*** AVAILABLE RECORDS Section Begins ***

(* Let $H$ be a complex Hadamard matrix of order $n$, and let $T$ be a trade in $H$. Then $|T|\ge n$.
   Context: A complex Hadamard matrix of order $n$ is an $n\times n$ matrix with all entries of modulus $1$ and $HH^{\ast}=nI_n$. A trade in $H$ is a nonempty set $T$ of positions (entries) of $H$ which can be altered to obtain a different complex Hadamard matrix, i.e. there is a complex Hadamard matrix $K$ of order $n$ with $K_{ij}\neq H_{ij}$ for $(i,j)\in T$ and $K_{ij}=H_{ij}$ for $(i,j)\notin T$. The size of $T$ is its number of entries $|T|$. *)

From HB Require Import structures.
From mathcomp Require Import all_boot all_order all_algebra.
From mathcomp Require Import reals complex.
Set Implicit Arguments. Unset Strict Implicit. Unset Printing Implicit Defensive.
Import Order.TTheory GRing.Theory Num.Theory.
Local Open Scope ring_scope.

Definition adjmx (C : numClosedFieldType) (m n : nat) (A : 'M[C]_(m, n)) : 'M[C]_(n, m) :=
  \matrix_(i < n, j < m) (A j i)^*.

Definition complex_hadamard (R : realType) (n : nat) (H : 'M[R[i]]_n) : Prop :=
  (forall i j, `|H i j| = 1) /\ H *m adjmx H = (n%:R)%:M.

Definition is_trade (R : realType) (n : nat) (H : 'M[R[i]]_n)
    (T : {set 'I_n * 'I_n}) : Prop :=
  T != set0 /\
  exists K : 'M[R[i]]_n, complex_hadamard K /\
    (forall i j, (i, j) \in T -> K i j != H i j) /\
    (forall i j, (i, j) \notin T -> K i j = H i j).

(* Let K be the complex Hadamard matrix obtained by altering T, and let i be a
   row met by T.  Expand the difference x of the i-th rows of K and H in the
   orthogonal basis formed by the rows of H: the coefficient on row l is
   <K_i, H_l> - <H_i, H_l>, which vanishes whenever row l is untouched by T,
   because then <K_i, H_l> = <K_i, K_l> = <H_i, H_l>.  For unimodular rows,
   expansion, Cauchy-Schwarz and Parseval give the uncertainty principle
   n <= |supp x| * |supp of the coefficients|, hence n <= |T_i| * r, where T_i
   is the part of T in row i and r the number of rows met by T.  Summing over
   these r rows yields n * r <= |T| * r. *)

From mathcomp Require Import all_boot all_order all_algebra.
From mathcomp Require Import reals complex.
Import Order.TTheory GRing.Theory Num.Theory.
Set Implicit Arguments. Unset Strict Implicit. Unset Printing Implicit Defensive.
Local Open Scope ring_scope.

Lemma sqr_sum_le_card_sum_sqr (R : numDomainType) (I : finType) (A : {pred I})
    (b : I -> R) :
  (forall l, b l \is Num.real) ->
  (\sum_(l in A) b l) ^+ 2 <= #|A|%:R * \sum_(l in A) b l ^+ 2.
Proof.
move=> b_real.
suff : (\sum_(l in A) b l) ^+ 2 *+ 2 <= (#|A|%:R * \sum_(l in A) b l ^+ 2) *+ 2.
  by rewrite lerMn2r.
have -> : (\sum_(l in A) b l) ^+ 2 *+ 2 = \sum_(l in A) \sum_(m in A) b l * b m *+ 2.
  by rewrite expr2 mulr_suml -sumrMnl; apply: eq_bigr => l _; rewrite mulr_sumr sumrMnl.
have -> : (#|A|%:R * \sum_(l in A) b l ^+ 2) *+ 2 =
          \sum_(l in A) \sum_(m in A) (b l ^+ 2 + b m ^+ 2).
  under [RHS]eq_bigr do rewrite big_split /= sumr_const.
  by rewrite big_split /= sumr_const sumrMnl mulr_natl mulr2n.
apply: ler_sum => l _; apply: ler_sum => m _.
exact: real_leif_mean_square_scaled.
Qed.

Definition dotf (C : numClosedFieldType) (I : finType) (u v : I -> C) : C :=
  \sum_i u i * (v i)^*.

Lemma dotfBl (C : numClosedFieldType) (I : finType) (u v w : I -> C) :
  dotf (fun i => u i - v i) w = dotf u w - dotf v w.
Proof. by rewrite /dotf -sumrB; apply: eq_bigr => i _; rewrite mulrBl. Qed.

Section HadamardOrthogonality.
Variables (C : numClosedFieldType) (n : nat) (H : 'M[C]_n).
Hypothesis HH : H *m adjmx H = n%:R%:M.

Lemma hadamard_row_dot a b : dotf (H a) (H b) = n%:R *+ (a == b).
Proof.
have := congr1 (fun M : 'M[C]_n => M a b) HH; rewrite !mxE /= => <-.
by apply: eq_bigr => j _; rewrite mxE.
Qed.

Lemma adjmx_mul_hadamard : adjmx H *m H = n%:R%:M.
Proof.
case: n H HH => [|m] H0 HH0; first by rewrite [LHS]flatmx0 [RHS]flatmx0.
have N_neq0 : (m.+1%:R : C) != 0 by rewrite pnatr_eq0.
have : H0 *m ((m.+1%:R)^-1 *: adjmx H0) = 1%:M.
  by rewrite -scalemxAr HH0 scale_scalar_mx mulVf.
move/mulmx1C; rewrite -scalemxAl => /(congr1 (fun M => m.+1%:R *: M)).
by rewrite scalerA divff // scale1r => ->; rewrite scalemx1.
Qed.

Lemma hadamard_col_dot a b : \sum_l (H l a)^* * H l b = n%:R *+ (a == b).
Proof.
have := congr1 (fun M : 'M[C]_n => M a b) adjmx_mul_hadamard; rewrite !mxE /= => <-.
by apply: eq_bigr => j _; rewrite mxE.
Qed.

Lemma hadamard_expansion (x : 'I_n -> C) j :
  n%:R * x j = \sum_l dotf x (H l) * H l j.
Proof.
under eq_bigr do rewrite mulr_suml.
rewrite exchange_big /=.
under eq_bigr => k _ do
  rewrite (eq_bigr _ (fun l _ => esym (mulrA _ _ _))) -mulr_sumr hadamard_col_dot.
rewrite (bigD1 j) //= eqxx mulrC big1 ?addr0 // => k /negbTE ->.
by rewrite mulr0.
Qed.

Lemma hadamard_parseval (x : 'I_n -> C) :
  \sum_l `|dotf x (H l)| ^+ 2 = n%:R * \sum_j `|x j| ^+ 2.
Proof.
rewrite mulr_sumr; under [RHS]eq_bigr do rewrite normCK mulrA hadamard_expansion.
under [RHS]eq_bigr do rewrite mulr_suml.
rewrite exchange_big /=; apply: eq_bigr => l _.
rewrite normCK; under [RHS]eq_bigr do rewrite -mulrA.
rewrite -mulr_sumr /dotf rmorph_sum; congr (_ * _); apply: eq_bigr => j _.
by rewrite rmorphM /= conjCK mulrC.
Qed.

Hypothesis H_unimodular : forall i j, `|H i j| = 1.

Theorem hadamard_uncertainty (x : 'I_n -> C) (J L : {set 'I_n}) :
    (forall j, j \notin J -> x j = 0) ->
    (forall l, l \notin L -> dotf x (H l) = 0) ->
    (exists j, x j != 0) ->
  (n <= #|J| * #|L|)%N.
Proof.
move=> x_supp coef_supp [j0 xj0_neq0].
set S := \sum_j `|x j| ^+ 2.
have n_gt0 : (0 < n)%N := leq_ltn_trans (leq0n _) (ltn_ord j0).
have S_gt0 : 0 < S.
  rewrite /S (bigD1 j0) //= ltr_pwDl ?exprn_gt0 ?normr_gt0 //.
  by rewrite sumr_ge0 // => j _; rewrite exprn_ge0.
have coef_norm : \sum_(l in L) `|dotf x (H l)| ^+ 2 = n%:R * S.
  by rewrite big_rmcond => [|l /coef_supp ->]; rewrite ?hadamard_parseval ?normr0 ?expr0n.
have entry_bound j : (n%:R * `|x j|) ^+ 2 <= #|L|%:R * (n%:R * S).
  rewrite -coef_norm; apply: le_trans _ (sqr_sum_le_card_sum_sqr L (fun l => normr_real _)).
  rewrite lerXn2r ?nnegrE ?mulr_ge0 ?sumr_ge0 //.
  rewrite -normr_nat -normrM hadamard_expansion.
  apply: le_trans (ler_norm_sum _ _ _) _.
  rewrite [leRHS]big_rmcond => [|l /coef_supp ->]; last by rewrite normr0.
  by apply: ler_sum => l _; rewrite normrM H_unimodular mulr1.
have : n%:R * (n%:R * S) <= (#|J| * #|L|)%:R * (n%:R * S).
  rewrite mulrA -expr2 mulr_sumr; under eq_bigr do rewrite -exprMn.
  rewrite -(@big_rmcond _ _ _ _ _ [in J]) => [|j /x_supp ->]; last first.
    by rewrite normr0 mulr0 expr0n.
  apply: le_trans (ler_sum _ (fun j _ => entry_bound j)) _.
  by rewrite sumr_const -[_ *+ #|J|]mulr_natl !mulrA -!natrM.
by rewrite ler_pM2r ?ler_nat // mulr_gt0 // ltr0n.
Qed.

End HadamardOrthogonality.

Lemma card_sum_sections (I J : finType) (T : {set I * J}) :
  #|T| = \sum_(i in fst @: T) #|[set j | (i, j) \in T]|.
Proof.
rewrite big_rmcond => [|i i_notin]; last first.
  apply/eqP; rewrite cards_eq0; apply/eqP/setP => j; rewrite !inE.
  by apply: contraNF i_notin => ij_in; exact: (imset_f fst ij_in).
rewrite -sum1_card; under [RHS]eq_bigr do rewrite -sum1dep_card.
by rewrite pair_big_dep; apply: eq_bigl => -[i j].
Qed.

Lemma trade_row_bound (C : numClosedFieldType) (n : nat) (H K : 'M[C]_n)
    (T : {set 'I_n * 'I_n}) i :
    (forall k j, `|H k j| = 1) ->
    H *m adjmx H = n%:R%:M -> K *m adjmx K = n%:R%:M ->
    (forall k j, (k, j) \in T -> K k j != H k j) ->
    (forall k j, (k, j) \notin T -> K k j = H k j) ->
    i \in fst @: T ->
  (n <= #|[set j | (i, j) \in T]| * #|fst @: T|)%N.
Proof.
move=> H_unimodular HH KK T_changed T_kept /imsetP[[i' j0] ij0_in /= ->{i}].
apply: (hadamard_uncertainty HH H_unimodular (x := fun j => K i' j - H i' j)).
- by move=> j; rewrite inE => /T_kept ->; rewrite subrr.
- move=> l l_notin; have row_kept j : K l j = H l j.
    by apply: T_kept; apply: contra l_notin => lj_in; exact: (imset_f fst lj_in).
  rewrite dotfBl.
  have -> : dotf (K i') (H l) = dotf (K i') (K l).
    by apply: eq_bigr => j _; rewrite row_kept.
  by rewrite (hadamard_row_dot KK) (hadamard_row_dot HH) subrr.
- by exists j0; rewrite subr_eq0 T_changed.
Qed.

Theorem theorem7p3 (R : realType) (n : nat) (H : 'M[R[i]]_n)
    (T : {set 'I_n * 'I_n}) :
  complex_hadamard H -> is_trade H T -> (n <= #|T|)%N.
Proof.
move=> [H_unimodular HH] [T_neq0 [K [[_ KK] [T_changed T_kept]]]].
have rows_gt0 : (0 < #|fst @: T|)%N by rewrite card_gt0 imset_eq0.
rewrite -(leq_pmul2r rows_gt0) card_sum_sections big_distrl /= mulnC -sum_nat_const.
apply: leq_sum => i i_row.
exact: trade_row_bound H_unimodular HH KK T_changed T_kept i_row.
Qed.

*** AVAILABLE RECORDS Section Ends ***

● **AIM OF THE EXERCISE**
In the entries above, find the line holding "move=> H_unimodular HH" and the line holding "have -> : dotf", then retype exactly those two lines and every line between them, and nothing else.

● **RESPONSE AREA**
move=> H_unimodular HH KK T_changed T_kept /imsetP[[i' j0] ij0_in /= ->{i}].
apply: (hadamard_uncertainty HH H_unimodular (x := fun j => K i' j - H i' j)).
- by move=> j; rewrite inE => /T_kept ->; rewrite subrr.
- move=> l l_notin; have row_kept j : K l j = H l j.
    by apply: T_kept; apply: contra l_notin => lj_in; exact: (imset_f fst lj_in).
  rewrite dotfBl.
  have -> : dotf (K i') (H l) = dotf (K i') (K l).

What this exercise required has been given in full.